*** Begin section ***
(* Let $P$ be the uniform distribution on $[0,1]$, let $\beta=\{\frac14,\frac12\}$, and let $V_n$ ($n\geq2$) be the $n$th conditional quantization error of $P$ with respect to $\beta$, with $V_\infty=\lim_{n\to\infty}V_n$. Then the $1$-dimensional conditional quantization coefficient exists as a finite positive number and equals $\frac1{12}$, i.e. $\lim_{n\to\infty}n^2(V_n-V_\infty)=\frac1{12}$.
   Context: For a Borel probability measure $P$ on $\mathbb{R}$ and a finite set $\beta\subset\mathbb{R}$ with $\mathrm{card}(\beta)=r$, for $n\geq r$ the $n$th conditional quantization error is $V_n=\inf\{\int\min_{a\in\alpha\cup\beta}(x-a)^2\,dP(x):\alpha\subset\mathbb{R},\ \mathrm{card}(\alpha)\leq n-r\}$. *)

From Stdlib Require Import Reals Lra List.
From Coquelicot Require Import Coquelicot.
Open Scope R_scope.

Definition min_sqdist (x b0 : R) (l : list R) : R :=
  fold_right (fun a m => Rmin ((x - a) ^ 2) m) ((x - b0) ^ 2) l.

(* Expectation with respect to the uniform distribution P on [0,1]
   (the integrands used below are continuous, so the Riemann integral
   coincides with the Lebesgue integral w.r.t. P). *)
Definition unif01_expect (f : R -> R) : R := RInt f 0 1.

Definition beta_list : list R := 1/4 :: 1/2 :: nil.

Definition cond_cost (alpha : list R) : R :=
  unif01_expect (fun x => min_sqdist x (1/4) (alpha ++ (1/2 :: nil))).

(* n-th conditional quantization error: infimum over alpha with
   card(alpha) <= n - r (a finite set with at most k points is the set of
   elements of a list of length <= k). *)
Definition Vn (n : nat) : R :=
  real (Glb_Rbar (fun v => exists alpha : list R,
                    (length alpha <= n - length beta_list)%nat /\ v = cond_cost alpha)).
*** End section ***
* WHAT IS BEING ASKED: Only the lines from the start of the listing through the line with "coincides with the" should be repeated, each exactly as it stands.

* FINISHED TASK:
(* Let $P$ be the uniform distribution on $[0,1]$, let $\beta=\{\frac14,\frac12\}$, and let $V_n$ ($n\geq2$) be the $n$th conditional quantization error of $P$ with respect to $\beta$, with $V_\infty=\lim_{n\to\infty}V_n$. Then the $1$-dimensional conditional quantization coefficient exists as a finite positive number and equals $\frac1{12}$, i.e. $\lim_{n\to\infty}n^2(V_n-V_\infty)=\frac1{12}$.
   Context: For a Borel probability measure $P$ on $\mathbb{R}$ and a finite set $\beta\subset\mathbb{R}$ with $\mathrm{card}(\beta)=r$, for $n\geq r$ the $n$th conditional quantization error is $V_n=\inf\{\int\min_{a\in\alpha\cup\beta}(x-a)^2\,dP(x):\alpha\subset\mathbb{R},\ \mathrm{card}(\alpha)\leq n-r\}$. *)

From Stdlib Require Import Reals Lra List.
From Coquelicot Require Import Coquelicot.
Open Scope R_scope.

Definition min_sqdist (x b0 : R) (l : list R) : R :=
  fold_right (fun a m => Rmin ((x - a) ^ 2) m) ((x - b0) ^ 2) l.

(* Expectation with respect to the uniform distribution P on [0,1]
   (the integrands used below are continuous, so the Riemann integral
   coincides with the Lebesgue integral w.r.t. P). *)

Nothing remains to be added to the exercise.